The States sued Big Tobacco and won. Can they beat Big Oil now?
State attorneys general across the country, including here in Massachusetts, are suing fossil fuel companies over climate change. Late last month, the state’s highest court denied ExxonMobil’s request to dismiss a lawsuit filed by Attorney General Maura Healey. And yes, you have already seen this film.
There are convincing evidence, in the public eye for several years now, that the fossil fuel industry has used the same playbook as the tobacco industry to spread misinformation, sow doubt and deflect responsibility for the dangers of its products. When their own research revealed the harm they were inflicting, both industries responded with a strategy of denial and deception.
The States took Big Tobacco to court and they won. The 1998 Master Settlement Agreement imposed strict restrictions on how tobacco companies can promote cigarettes and forced tobacco companies to pay billions of dollars in damages to states every year, as long as they did business in the United States
The tobacco agreement was the culmination of almost 50 years of legal challenges.
What could a deal between Big Oil and the states look like? And what effect would that have on our transition to cleaner energy sources and the course of the climate crisis?
[R]Attacks on the fossil fuel industry could accelerate the energy transition and help states become more resilient to climate change.
Court rulings in the 1990s did not eliminate cigarettes, but adult smoking rates has decreased significantly in the first two decades of this century. The exact portion of the decline attributable to court rulings against Big Tobacco is undetermined, but is plausibly significant. Industry settlement funded national anti-tobacco programs. It has also necessitated price increases that have made smoking less accessible to vulnerable populations, especially young people.
Similarly, court rulings alone will not be enough to end the climate crisis, but there are several ways that rulings against the fossil fuel industry could accelerate the energy transition and help states become more resilient in the face of climate change. to the climate.
Cash, of course, is always useful – and welcome. All states will feel the effect of global warming in one way or another and they will have to spend large sums to adapt. When tobacco colonies were distributed in the late 1990s, all 50 states, the District of Columbia and five territories lined up to get their share of the pot.
During 2019 Massachusetts v. Exxon In a climate case, the state asked the court to compel ExxonMobil to pay damages — likely billions of dollars — related to violations of state consumer protection laws and efforts to mislead the public In error. But beyond the monetary compensation, an AG Healey victory would only amount to an injunction against ExxonMobil greenwashing and misleading marketing.
Local governments in California are pursuing a more ambitious lawsuit. They are suing fossil fuel companies for the cost of physical damage from climate change, including sea level rise.
An even more ambitious model is a case of 2021 in the Netherlands. A successful environmental group sued Shell, and the court determined that the company must reduce its carbon emissions on an accelerated schedule. Dutch law is not US law – and Shell will appeal – but this decision stands out because the court dictated that a big company must take action to alleviate the global climate crisis. It’s analogous to a court ordering a tobacco company to reduce carcinogens in cigarettes – a decision that has never been made.
A constant drip of negative publicity damages the industry’s reputation and limits its ability to lead the conversation around the energy transition.
The many states with cases currently before the courts against Big Oil – including Massachusetts, Rhode Island, Vermont, Connecticut, Maryland, Coloradoand New York to name a few – probably won’t be able to deal such a heavy blow as in the Dutch decision. But even modest success in these cases could, overall, create headwinds for the fossil fuel giants and undermine their financial stability.
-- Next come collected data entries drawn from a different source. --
(* c^{\triangledown h}(n) = |[c(n)]^{<= h(n)}| = sum_{i <= h(n)} binom(c(n), i) *)
Definition slalom_count (c h : nat -> nat) (n : nat) : nat :=
  (\sum_(i < (h n).+1) 'C(c n, i))%N.

(* partial sums S_h(n) = sum_{l<n} h(l): the interval J_n = [S_h n, S_h (n+1)) *)
Definition psum (h : nat -> nat) (n : nat) : nat := (\sum_(l < n) h l)%N.

(* the index n of the interval J_n (|J_l| = h l, consecutive) containing k:
   the least n with k < S_h(n+1).  When h(l) >= 1 for all l this n is <= k,
   so the bounded search below computes it exactly. *)
Definition blk (h : nat -> nat) (k : nat) : nat :=
  find (fun n => (k < psum h n.+1)%N) (iota 0 k.+1).

Definition g_aux (c h : nat -> nat) (k : nat) : nat := trunc_log 2 (c (blk h k)).

Definition f_aux (b g : nat -> nat) (k : nat) : nat :=
  (\sum_(l < (blk g k).+1) up_log 2 (b l))%N.

(* e_f(k) = min { n : k < f(2^n) }; for strictly increasing f, f(2^k) > k,
   so the minimum is <= k and the bounded search computes it exactly. *)
Definition e_aux (f : nat -> nat) (k : nat) : nat :=
  find (fun n => (k < f (2 ^ n))%N) (iota 0 k.+1).

Definition log_base (b x : R) : R := (ln x / ln b)%R.
Definition log2 (x : R) : R := (ln x / ln 2)%R.

Definition bounding_seqs (nm np : nat -> nat) : Prop :=
  (forall k, 2 <= nm k)%N /\ (forall k, 2 <= np k)%N /\
  (forall k, nm k * np k < nm k.+1)%N /\
  cv_infty (fun k => log_base (INR (nm k)) (INR (np k))).

Record tuple8 := Tuple8 {
  ta : nat -> nat; td : nat -> nat; tb : nat -> nat; tg : nat -> nat;
  tc : nat -> nat; th : nat -> nat; te : nat -> nat; tu : nat -> nat }.

Definition in_bounds (nm np : nat -> nat) (k x : nat) : Prop :=
  (nm k <= x <= np k)%N.

Definition single_conds (nm np : nat -> nat) (t : tuple8) : Prop :=
  let a := ta t in let d := td t in let b := tb t in let g := tg t in
  let c := tc t in let h := th t in let e := te t in let u := tu t in
  incr a /\ incr d /\ incr b /\ incr g /\ incr c /\ incr h /\ incr u /\ nondecr e /\
  (* (S1) *)
  (forall k,
     in_bounds nm np k (a k) /\ in_bounds nm np k (d k) /\
     in_bounds nm np k (b k) /\ in_bounds nm np k (g k) /\
     in_bounds nm np k (slalom_count b g k) /\
     (INR (nm k) <= INR (b k) / INR (g k) <= INR (np k))%R /\
     in_bounds nm np k (h k) /\ in_bounds nm np k (slalom_count c h k)) /\
  (* (S2) *)
  (forall k, (h k < c k)%N) /\
  (forall (M : R) (N : nat), exists k, (N <= k)%N /\
     (M < / INR (d k) * log_base (INR (d k)) (INR (h k + 1)))%R) /\
  (* (S3) *)
  (forall k, (INR (b k) / INR (g k) >= INR (d k))%R) /\
  (* (S4) *)
  (forall k, (a k >= slalom_count b g k)%N) /\
  (* (MS1) *)
  (forall k, e k = e_aux u k) /\
  (* (MS2) *)
  (forall k, (1 <= k)%N -> (INR (e (g_aux c h k)) >= 2 * log2 (INR k))%R) /\
  (* (MS3) *)
  (forall k, (f_aux b g k <= u k)%N).

(* (S7) for two distinct members alpha, beta *)
Definition pair_cond (ta_ tb_ : tuple8) : Prop :=
  Un_cv (fun k => Rmin (INR (slalom_count (tc tb_) (th tb_) k) / INR (td ta_ k))
                       (INR (ta ta_ k) / INR (td tb_ k))) 0.

Definition modified_suitable_family (A : Type) (nm np : nat -> nat)
    (F : A -> tuple8) : Prop :=
  (forall alpha, single_conds nm np (F alpha)) /\
  (forall alpha beta, beta <> alpha -> pair_cond (F alpha) (F beta)).

From mathcomp Require Import all_boot.
From Stdlib Require Import Reals.
From Stdlib Require Import Lra FunctionalExtensionality Classical.
(* Re-imported so that the ssrnat notations take precedence over those of Reals. *)
From mathcomp Require Import all_boot zify.

(* At level k we fix 2^k + 1 seeds D_0 < D_1 < ... < D_(2^k) inside the band
   [n_k^-, n_k^+], and alpha uses at level k the seed D_p whose index p is the
   binary code of alpha restricted to k.  Every value of the tuple generated by
   a seed D lies in [D, top D], and the next seed is (k+1) top D, so whenever the
   codes of alpha and beta differ at level k one of the two ratios of (S7) is at
   most 1/(k+1); distinct alpha, beta have distinct codes from some level on.
   The remaining conditions concern a single seed and are checked directly; for
   (MS2) the point is that g_(c,h)(k) = floor(log2 c(n)) = (n+2) b(n) is larger
   than u(4 k^2), where n is the block of k. *)

Lemma find_iota0_le (P : pred nat) m j : P j -> find P (iota 0 m) <= j.
Proof.
move=> Pj; case: (ltnP j m) => hj.
  rewrite leqNgt; apply/negP => /(before_find 0).
  by rewrite nth_iota // add0n Pj.
by apply: leq_trans (find_size _ _) _; rewrite size_iota.
Qed.

Lemma find_iota0_spec (P : pred nat) m j : j < m -> P j -> P (find P (iota 0 m)).
Proof.
move=> hj Pj.
have hasP : has P (iota 0 m) by apply/hasP; exists j => //; rewrite mem_iota.
have := nth_find 0 hasP; rewrite nth_iota ?add0n //.
by move: hasP; rewrite has_find size_iota.
Qed.

Lemma incr_homo [f] : incr f -> {homo f : m n / m <= n}.
Proof. by move=> f_incr; apply: (homo_leq leqnn leq_trans) => n; apply: ltnW. Qed.

Lemma incr_ge_id [f] : incr f -> forall n, n <= f n.
Proof. by move=> f_incr; elim=> // n IH; apply: leq_ltn_trans IH (f_incr n). Qed.

Lemma psumS h n : psum h n.+1 = psum h n + h n.
Proof. by rewrite /psum big_ord_recr. Qed.

Lemma psum_homo h : {homo psum h : m n / m <= n}.
Proof.
by apply: (homo_leq leqnn leq_trans) => n; rewrite psumS leq_addr.
Qed.

Lemma psum_le_mul h n B : (forall l, l < n -> h l <= B) -> psum h n <= n * B.
Proof.
move=> hB; apply: leq_trans (_ : \sum_(l < n) B <= _).
  by apply: leq_sum => l _; apply: hB.
by rewrite sum_nat_const card_ord.
Qed.

Lemma psum_ge_id h k : (forall l, 0 < h l) -> k <= psum h k.
Proof. by move=> h_pos; elim: k => // k IH; rewrite psumS; have := h_pos k; lia. Qed.

Lemma blk_le h k n : k < psum h n.+1 -> blk h k <= n.
Proof. exact: (find_iota0_le (fun n => k < psum h n.+1)). Qed.

Lemma ltn_psum_blk [h] k : (forall l, 0 < h l) -> k < psum h (blk h k).+1.
Proof.
move=> h_pos; apply: (find_iota0_spec (fun n => k < psum h n.+1)) (ltnSn k) _.
exact: psum_ge_id.
Qed.

Lemma blk_homo [h] : (forall l, 0 < h l) -> {homo blk h : k k' / k <= k'}.
Proof.
move=> h_pos k k' le_kk'; apply: blk_le.
by have := ltn_psum_blk k' h_pos; lia.
Qed.

Lemma f_aux_homo b [g] : (forall l, 0 < g l) -> {homo f_aux b g : k k' / k <= k'}.
Proof.
move=> g_pos k k' /(blk_homo g_pos) le_blk.
by apply: (psum_homo (fun l => up_log 2 (b l))); rewrite ltnS.
Qed.

Lemma f_aux_le_mul b g k B :
  (forall l, l <= blk g k -> up_log 2 (b l) <= B) -> f_aux b g k <= (blk g k).+1 * B.
Proof. by move=> hB; apply: (psum_le_mul (fun l => up_log 2 (b l))) => l; apply: hB. Qed.

Lemma Nat_pow_expn m n : Nat.pow m n = m ^ n.
Proof. by elim: n => // n IH; rewrite expnS -IH. Qed.

Lemma e_auxE u k : e_aux u k = find (fun n => k < u (2 ^ n)) (iota 0 k.+1).
Proof. by apply: eq_find => n; rewrite Nat_pow_expn. Qed.

Lemma ltn_u_e_aux [u] : incr u -> forall k, k < u (2 ^ e_aux u k).
Proof.
move=> u_incr k; rewrite e_auxE; apply: (find_iota0_spec (fun n => k < u (2 ^ n))) (ltnSn k) _.
exact: leq_trans (ltn_expl k (isT : 1 < 2)) (incr_ge_id u_incr _).
Qed.

Lemma e_aux_nondecr [u] : incr u -> nondecr (e_aux u).
Proof.
move=> u_incr k; rewrite [e_aux u k]e_auxE.
by apply: (find_iota0_le (fun n => k < u (2 ^ n))); apply: ltnW; apply: ltn_u_e_aux.
Qed.

Lemma e_aux_ge [u] m x : incr u -> u (2 ^ m) <= x -> m <= e_aux u x.
Proof.
move=> u_incr hm; rewrite leqNgt; apply/negP => /ltnW lt_em.
have : u (2 ^ e_aux u x) <= u (2 ^ m) by apply: incr_homo; rewrite ?leq_pexp2l.
by have := ltn_u_e_aux u_incr x; lia.
Qed.

Lemma slalom_count_le_exp2 c h n : slalom_count c h n <= 2 ^ c n.
Proof.
rewrite /slalom_count; set m := (h n).+1; set N := c n.
rewrite -(big_mkord xpredT (fun i => 'C(N, i))).
apply: leq_trans (_ : \sum_(0 <= i < m + N.+1) 'C(N, i) <= _).
  by rewrite [X in _ <= X](@big_cat_nat _ _ _ m) ?leq_addr //= leq_addr.
rewrite (@big_cat_nat _ _ _ N.+1) ?leq_addl //=.
rewrite [X in _ + X]big1_seq; last first.
  by move=> i /andP [_]; rewrite mem_index_iota => /andP [hi _]; rewrite bin_small.
rewrite addn0 big_mkord.
have := expnDn 1 1 N; rewrite add1n => ->.
by apply: leq_sum => i _; rewrite !exp1n !muln1.
Qed.

Lemma slalom_count_ge c h n : 0 < h n -> c n <= slalom_count c h n.
Proof. by rewrite /slalom_count; case: (h n) => // m _; rewrite !big_ord_recl /= bin1; lia. Qed.

Lemma up_log2_le n : up_log 2 n <= n.
Proof. by apply: up_log_min => //; apply: ltnW; apply: ltn_expl. Qed.

Lemma exp2_up_log_le_double [n] : 0 < n -> 2 ^ up_log 2 n <= n.*2.
Proof.
move=> n_gt0; case: (ltnP 1 n) => n_gt1; last by have -> : n = 1 by lia.
have := up_log_gtn (isT : 1 < 2) n_gt1.
have : 0 < up_log 2 n by rewrite up_log_gt0 n_gt1.
by case: (up_log 2 n) => [|j] //= _; rewrite expnS; lia.
Qed.

Open Scope R_scope.

Lemma INR_leq [m n] : (m <= n)%N -> INR m <= INR n.
Proof. by move/leP; apply: le_INR. Qed.

Lemma INR_gt0 [n] : (0 < n)%N -> 0 < INR n.
Proof. by move/ltP; apply: lt_0_INR. Qed.

Lemma ln_INR_leq [m n] : (0 < m)%N -> (m <= n)%N -> ln (INR m) <= ln (INR n).
Proof.
move=> m_gt0; rewrite leq_eqVlt => /orP [/eqP -> | lt_mn]; first exact: Rle_refl.
by apply: Rlt_le; apply: ln_increasing; [apply: INR_gt0 | apply/lt_INR/ltP].
Qed.

Lemma ln_INR_expn x n : (0 < x)%N -> ln (INR (x ^ n)) = INR n * ln (INR x).
Proof. by move=> x_gt0; rewrite -Nat_pow_expn pow_INR ln_pow //; apply: INR_gt0. Qed.

Lemma ln_INR_gt0 [x] : (2 <= x)%N -> 0 < ln (INR x).
Proof.
move=> x_ge2; rewrite -ln_1; apply: ln_increasing; first lra.
by have := INR_leq x_ge2; rewrite /=; lra.
Qed.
Being forced to pay billions of dollars in damages year after year could squeeze profits and make investors uncomfortable. It could become more difficult to raise the capital needed to sustain growth; a downward spiral into bankruptcy or consolidation could ensue.
And even if the states lose, media coverage of a long and nasty legal battle would amplify the narrative that Exxon and others had long known that burning fossil fuels would have catastrophic effects and that the industry tried to smash it. to hide. A constant drip of negative publicity damages the industry’s reputation and limits its ability to lead the conversation around the energy transition.
Like the fossil fuel divestment movement, the legal movement against big oil is helping to undermine social license engage in environmentally destructive business practices. According Daniel Farberprofessor of law at the University of California at Berkeley, which party will emerge victorious in these cases is secondary: “The real stakes of the litigation may therefore rest not so much on the results, but rather on the facts brought to light during the process. . .”
Can a deluge of court cases make fossil fuels socially and politically unacceptable? The history of tobacco litigation supports the idea that previously uncontested products can become stigmatized and, to some extent, marginalized. Nevertheless, more than two decades after the framework settlement agreement, the tobacco industry is still very profitableand dozens of thousands smokers still die of lung cancer each year in this country.
Let’s hope for a more decisive victory when the current wave of climate litigation is over.